American researchers have shown that the Zika virus can destroy the cells responsible for the most common brain tumor.
A dreaded virus, Zika could become a weapon against cancer. Researchers at the universities of Washington and San Diego (United States) suggest that this infectious agent responsible for microcephaly in fetuses could effectively destroy brain tumors. They present their results in The Journal of Experimental Medicine.
The destructive power of the Zika virus was discovered last year during the epidemic in Brazil. Thousands of pregnant women infected with the virus have given birth to children with severe neurological malformations. Able to lodge in the brains of fetuses, the Zika virus multiplies in neurons and neuronal stem cells, causing their death and interrupting brain development.
A devastating process that could prove to be life-saving in patients with glioblastoma, the most common brain tumor and one of the deadliest cancers. Within two years of diagnosis, most patients die.
Outsmart those resistant to treatment
Resistance to treatment is one of the causes of this significant mortality. Indeed, current drugs and techniques fail to destroy a particular type of cells, called “glioblastoma stem cells”, responsible for maintaining and proliferation of the tumor.
But these cells do not seem to resist the Zika virus. In the laboratory, the pathogen successfully infected glioblastoma stem cells taken from patients. This success was found in tests with around twenty laboratory guinea pigs.

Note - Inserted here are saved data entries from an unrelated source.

(* Let $(a_1,a_2)\in\mathbb{Z}^2$ and let $x=x_1^{-a_1}x_2^{-a_2}\sum_{p,q\ge0}c(p,q)x_1^px_2^q\in\mathcal{T}_1$ be pointed at $(a_1,a_2)$, and suppose $x\in\mathcal{T}_0^{\ge0}\cap\mathcal{T}_1^{\ge0}\cap\mathcal{T}_2^{\ge0}$. Then for all $(p,q)\in\mathbb{Z}_{\ge0}^2$ the following inequality holds in $\Bbbk$: $$c(p,q)\ge\max\Big(\Big[\sum_{k=1}^p\sum_{(k_1,\ldots,k_{d_2})\vdash k}(-1)^{k-1}c(p-k_1-2k_2-\cdots-d_2k_{d_2},q)\varrho_1^{k_1}\cdots\varrho_{d_2}^{k_{d_2}}\binom{a_2-q+k-1}{a_2-q-1,k_1,\ldots,k_{d_2}}\Big]_+,$$ $$\Big[\sum_{\ell=1}^q\sum_{(\ell_1,\ldots,\ell_{d_1})\vdash\ell}(-1)^{\ell-1}c(p,q-\ell_1-2\ell_2-\cdots-d_1\ell_{d_1})\rho_1^{\ell_1}\cdots\rho_{d_1}^{\ell_{d_1}}\binom{a_1-p+\ell-1}{a_1-p-1,\ell_1,\ldots,\ell_{d_1}}\Big]_+\Big).$$
   Context: $\Bbbk$ is an ordered field with positive cone $\Pi$ ($a\le b$ iff $b-a\in\Pi$), $[a]_+=\max(a,0)$. $P_1(z)=\sum_{t=0}^{d_1}\rho_tz^t$ and $P_2(z)=\sum_{t=0}^{d_2}\varrho_tz^t$ in $\Pi[z]$ are monic palindromic ($P(z)=z^dP(z^{-1})$, $d=\deg P$). With $x_1,x_2$ commuting indeterminates, define $x_k\in\Bbbk(x_1,x_2)$ for $k\in\mathbb{Z}$ by $x_{k+1}x_{k-1}=P_1(x_k)$ if $k$ even, $=P_2(x_k)$ if $k$ odd. $\underline\Bbbk$ is the $\mathbb{Z}$-subalgebra of $\Bbbk$ generated by the coefficients of $P_1,P_2$, $\underline\Bbbk_{\ge0}=\underline\Bbbk\cap\Pi$, $\mathcal{T}_k=\underline\Bbbk[x_k^{\pm1},x_{k+1}^{\pm1}]$, $\mathcal{T}_k^{\ge0}=\underline\Bbbk_{\ge0}[x_k^{\pm1},x_{k+1}^{\pm1}]$. Pointed at $(a_1,a_2)$ means $c(p,q)\in\underline\Bbbk$ and $c(0,0)=1$; set $c(p,q)=0$ if $p<0$ or $q<0$. Multinomial convention: for integers $n,k_0$ and $k_1,\dots,k_r\ge0$ with $k=\sum_{i\ge1}k_i$ and $n=k_0+k$, $\binom{n}{k_0,k_1,\dots,k_r}=\binom{n}{k}\frac{k!}{k_1!\cdots k_r!}$ with $\binom{n}{k}=n(n-1)\cdots(n-k+1)/k!$; $(k_1,\dots,k_r)\vdash k$ means nonnegative integers summing to $k$. *)

From HB Require Import structures.
From mathcomp Require Import all_boot all_order all_algebra.
Set Implicit Arguments. Unset Strict Implicit. Unset Printing Implicit Defensive.
Import Order.TTheory GRing.Theory Num.Theory.
Local Open Scope ring_scope.

Section Defs.
Variable R : realFieldType.

(* The field of rational functions k(x1,x2), realised as the fraction field
   of {poly {poly R}}: x1 is the inner variable, x2 the outer one. *)
Definition ratfun := {fraction {poly {poly R}}}.
Definition cst (r : R) : ratfun := tofrac ((r%:P)%:P).
Definition X1 : ratfun := tofrac (('X)%:P).
Definition X2 : ratfun := tofrac 'X.

Definition peval (P : {poly R}) (y : ratfun) : ratfun := (map_poly cst P).[y].

(* The sequence x_k, k in Z: x_{k+1} x_{k-1} = P1(x_k) if k even, P2(x_k) if k odd. *)
Definition Pk (P1 P2 : {poly R}) (k : int) : {poly R} :=
  if (k %% 2)%Z == 0 then P1 else P2.

(* fwd n = (x_{n+1}, x_{n+2}) *)
Fixpoint fwd (P1 P2 : {poly R}) (n : nat) : ratfun * ratfun :=
  match n with
  | 0 => (X1, X2)
  | n'.+1 => let: (a, b) := fwd P1 P2 n' in
             (b, peval (Pk P1 P2 (n'.+2)%:Z) b / a)
  end.

(* bwd n = (x_{1-n}, x_{2-n}) *)
Fixpoint bwd (P1 P2 : {poly R}) (n : nat) : ratfun * ratfun :=
  match n with
  | 0 => (X1, X2)
  | n'.+1 => let: (a, b) := bwd P1 P2 n' in
             (peval (Pk P1 P2 (1 - n'%:Z)) a / b, a)
  end.

Definition clus (P1 P2 : {poly R}) (k : int) : ratfun :=
  match k with
  | Posz n => match n with 0 => (bwd P1 P2 1).1 | n'.+1 => (fwd P1 P2 n').1 end
  | Negz n => (bwd P1 P2 n.+2).1   (* Negz n = -(n+1), and 1 - (n+2) = -(n+1) *)
  end.

Inductive ksub (P1 P2 : {poly R}) : R -> Prop :=
  | ksub_c1 i : ksub P1 P2 P1`_i
  | ksub_c2 i : ksub P1 P2 P2`_i
  | ksub_1 : ksub P1 P2 1
  | ksub_add a b : ksub P1 P2 a -> ksub P1 P2 b -> ksub P1 P2 (a + b)
  | ksub_opp a : ksub P1 P2 a -> ksub P1 P2 (- a)
  | ksub_mul a b : ksub P1 P2 a -> ksub P1 P2 b -> ksub P1 P2 (a * b).

Definition ksub_nonneg (P1 P2 : {poly R}) (r : R) : Prop := ksub P1 P2 r /\ 0 <= r.

Definition laurent_in (S : R -> Prop) (u v x : ratfun) : Prop :=
  exists s : seq (R * int * int),
    (forall t, t \in s -> S t.1.1) /\
    x = \sum_(t <- s) cst t.1.1 * u ^ t.1.2 * v ^ t.2.

Definition Tnonneg (P1 P2 : {poly R}) (k : int) (x : ratfun) : Prop :=
  laurent_in (ksub_nonneg P1 P2) (clus P1 P2 k) (clus P1 P2 (k + 1)) x.

Definition gbinom (n : int) (k : nat) : R :=
  (\prod_(i < k) (n - i%:Z)%:~R) / (k`!)%:R.

(* multinomial binom(n; k0, k1, ..., kr) with k = sum ks and k0 = n - k:
   binom(n, k) * k! / (k1! ... kr!) *)
Definition multinom (n : int) (ks : seq nat) : R :=
  gbinom n (sumn ks) * ((sumn ks)`!)%:R / (\prod_(j <- ks) (j`!)%:R).

Definition cZ (c : nat -> nat -> R) (p q : int) : R :=
  match p, q with Posz p', Posz q' => c p' q' | _, _ => 0 end.

Definition pos_part (a : R) : R := Num.max a 0.

End Defs.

Two weeks after becoming infected with Zika, the mice developed smaller tumors than those treated with a placebo. The infected mice also lived longer than the control animals.
According to the research team, chemotherapy and Zika virus infection have complementary actions. Standard treatment removes most of the tumor, and the Zika virus attacks the remaining cells that cause cancer. “We believe that Zika can one day be used in combination with current therapies to eradicate the entire tumor,” said Prof. Milan Chheda, professor of neurology at the University of Washington.
Use a mutated version
Doctors imagine that the virus will need to be injected into the tumor during the tumor removal operation, because if it is injected through the bloodstream, the immune system could intercept and eliminate it.
They recognize that this therapeutic option is worrying, but they assure that the risks are low in adults. Indeed, Zika primarily attacks neuronal stem cells. However, they are present in small quantities in the adult brain. By studying brain tissue taken from adults with epilepsy, the researchers confirmed that the virus did not attack non-cancerous cells.
And like vaccines, scientists explain that it is possible to inactivate or attenuate the Zika virus by introducing mutations into its genome. A mutated version tested in the laboratory and which brings satisfactory results, underline the authors in their study.
“We will continue to add mutations to make the virus more sensitive to the immune system and thus prevent the possible spread of infection,” says Michael Diamond, professor of microbiology and immunology at the University of Washington and one of the co -authors of the study. Once we make these changes I think it will become impossible for the virus to defeat the immune system and cause disease. “
To be sure, many clinical trials and years of research will still be necessary.